UMA 90 is known for a compelling set of properties that make it a reliable choice for parts that need to withstand mechanical stress and look good doing it. Its characteristics are derived from its urethane methacrylate chemistry, processed via Carbon's innovative DLS technology.
UMA 90 presents a solid mechanical profile, with a tensile strength of 30 MPa and a Young's Modulus of 1400 MPa. This combination results in parts that are stiff and can resist deformation under load, making them suitable for items that require structural integrity.
While being rigid, UMA 90 also offers a degree of toughness, with a notched Izod impact strength of around 30 J/m and an elongation at break of about 30%. This allows parts to absorb some impact energy before fracturing, contributing to their overall durability in handling and use.
Parts produced with UMA 90 using the Carbon DLS process exhibit a smooth surface finish directly from the printer. This reduces the need for extensive post-processing for many components and is particularly beneficial for parts where aesthetics or tight mating tolerances are important. This quality surface finish is also advantageous in some medical injection molding prototype scenarios where appearance can be a factor.
A significant characteristic, especially for the medical sector, is that parts printed with UMA 90 on Carbon M-series printers and processed according to specified instructions have passed ISO 10993-5 (Cytotoxicity) and ISO 10993-10 (Sensitization and Irritation) biocompatibility standards. This opens doors for its use in certain medical device prototypes, fixtures, or non-implantable components that have skin or indirect patient contact.

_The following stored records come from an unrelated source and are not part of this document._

(* Otherwise, for e.q < a2 < al, the function u + K t^2 - a2 t + k |y_perp|^2 (t and y_perp the
   components of y - x along and across e) attains an interior minimum on a thin box next to x, where
   u then has a subdifferential of slope below a2 in direction e. *)
Lemma subdiff_slope_bound_superdiff d (u : vec d -> R) (x q e : vec d) (al s : R) :
  bounded_unif_continuous u -> superdiff u x q -> dot e e = 1 -> 0 < s ->
  (forall y z, vnorm (vsub y x) < s -> subdiff u y z -> al <= dot e z) -> al <= dot e q.
Proof.
move=> hbuc hsup he hs hyp; apply: Rnot_lt_le => heq.
have [[Cu hCu] huc] := hbuc; have Cu0 : 0 <= Cu by have := hCu x; have := Rabs_pos (u x); lra.
set a1 := dot e q + (al - dot e q) / 3; set a2 := dot e q + 2 * (al - dot e q) / 3.
have [d1 [hd1 hd1']] := hsup (a1 - dot e q) ltac:(rewrite /a1; lra).
set T := Rmin d1 s / 3.
have hT : 0 < T by rewrite /T; have := Rmin_glb_lt _ _ _ hd1 hs; lra.
have [hTd1 hTs] : 3 * T <= d1 /\ 3 * T <= s by rewrite /T; have := Rmin_l d1 s; have := Rmin_r d1 s; lra.
set K := (2 * Cu + Rabs a2 * T + 1) / (T * T).
have hKT : K * (T * T) = 2 * Cu + Rabs a2 * T + 1 by rewrite /K; field; lra.
have hK : 0 < K by rewrite /K; apply: Rdiv_lt_0_compat; have := Rabs_pos a2; nra.
set t1 := Rmin (T / 2) ((a2 - a1) / (2 * K)).
have ht1 : 0 < t1 by apply: Rmin_glb_lt; [lra | apply: Rdiv_lt_0_compat; rewrite /a1 /a2; lra].
have ht1T : t1 <= T / 2 := Rmin_l _ _.
have ht1K : K * t1 <= (a2 - a1) / 2.
  have := Rmult_le_compat_l K _ _ (Rlt_le _ _ hK) (Rmin_r (T / 2) ((a2 - a1) / (2 * K))).
  by rewrite -/t1 (_ : K * ((a2 - a1) / (2 * K)) = (a2 - a1) / 2) //; field; lra.
set gam := (a2 - a1) * t1 / 2.
have hgam : 0 < gam by rewrite /gam /a1 /a2; nra.
have [du [hdu hdu']] := huc (gam / 2) ltac:(lra).
set rho := Rmin T (du / 2).
have hrho : 0 < rho by apply: Rmin_glb_lt; lra.
have [hrhoT hrhodu] : rho <= T /\ rho < du.
  by rewrite /rho; have := Rmin_l T (du / 2); have := Rmin_r T (du / 2); lra.
set k := gam / (rho * rho).
have hkr : k * (rho * rho) = gam by rewrite /k; field; lra.
have hk : 0 < k by rewrite /k; apply: Rdiv_lt_0_compat; nra.
have dip : exists t1,
    0 <= t1 <= T /\ u (vadd x (vscale t1 e)) + (- a2) * t1 + K * (t1 * t1) <= u x - gam.
  exists t1; split; first lra.
  have nx1 : vnorm (vsub (vadd x (vscale t1 e)) x) = t1.
    by rewrite (_ : vsub _ _ = vscale t1 e); [rewrite vnormZ vnorm_unit // Rabs_right; lra | vring].
  have := hd1' (vadd x (vscale t1 e)); rewrite nx1 (_ : vsub _ x = vscale t1 e); last by vring.
  rewrite dotZr (dotC q e) /gam => /(_ ltac:(lra)).
  by nra.
have osc y y' : vnorm (vsub y' y) <= rho -> Rabs (u y' - u y) < gam / 2 by move=> ?; apply: hdu'; lra.
have [y [g [hy [hg hge]]]] :=
  tilted_subdiff_near d u x e a2 K k T rho he hK hk hT hrho gam Cu hCu osc hkr hKT dip hbuc.
have := hyp y g ltac:(lra) hg; rewrite /a2 in hge; lra.
Qed.

(** * From subdifferentials to superdifferentials *)

Lemma superlevel_ball_closed d (h : vec d -> R) (R0 c : R) : locally_unif_continuous d h ->
  vclosed d (fun z => vnorm z <= R0 /\ c <= h z).
Proof.
move=> hc z hz.
have nz : vnorm z <= R0.
  apply: (lipschitz_le_limit d vnorm R0 z (fun z' => vnorm_dist z' z)) => eps /hz [z' [[? ?] ?]].
  by exists z'.
split => //; apply: Rnot_lt_le => hlt.
have [de [hde hde']] := locally_unif_continuousP d h hc R0 (c - h z) ltac:(lra).
have [z' [[nz' hz'] hzz]] := hz de hde.
by have := hde' z' z nz' nz hzz; split_Rabs; lra.
Qed.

UMA 90 is available in a spectrum of colors, including cyan, magenta, yellow, black, white, and gray. This versatility allows for color-coding of parts, such as jigs and fixtures for different operational steps, or for producing prototypes and end-use parts that meet specific aesthetic requirements without needing to be painted.
The material possesses a heat deflection temperature (HDT) of approximately 45°C (113°F). While not suited for high-temperature environments, this is adequate for many room-temperature operational settings.
UMA 90 parts can be machined, tapped, or have inserts installed, offering flexibility for assemblies or for achieving final critical dimensions. They can also be painted if custom colors beyond the standard offerings are needed or if enhanced UV protection is required for prolonged outdoor exposure.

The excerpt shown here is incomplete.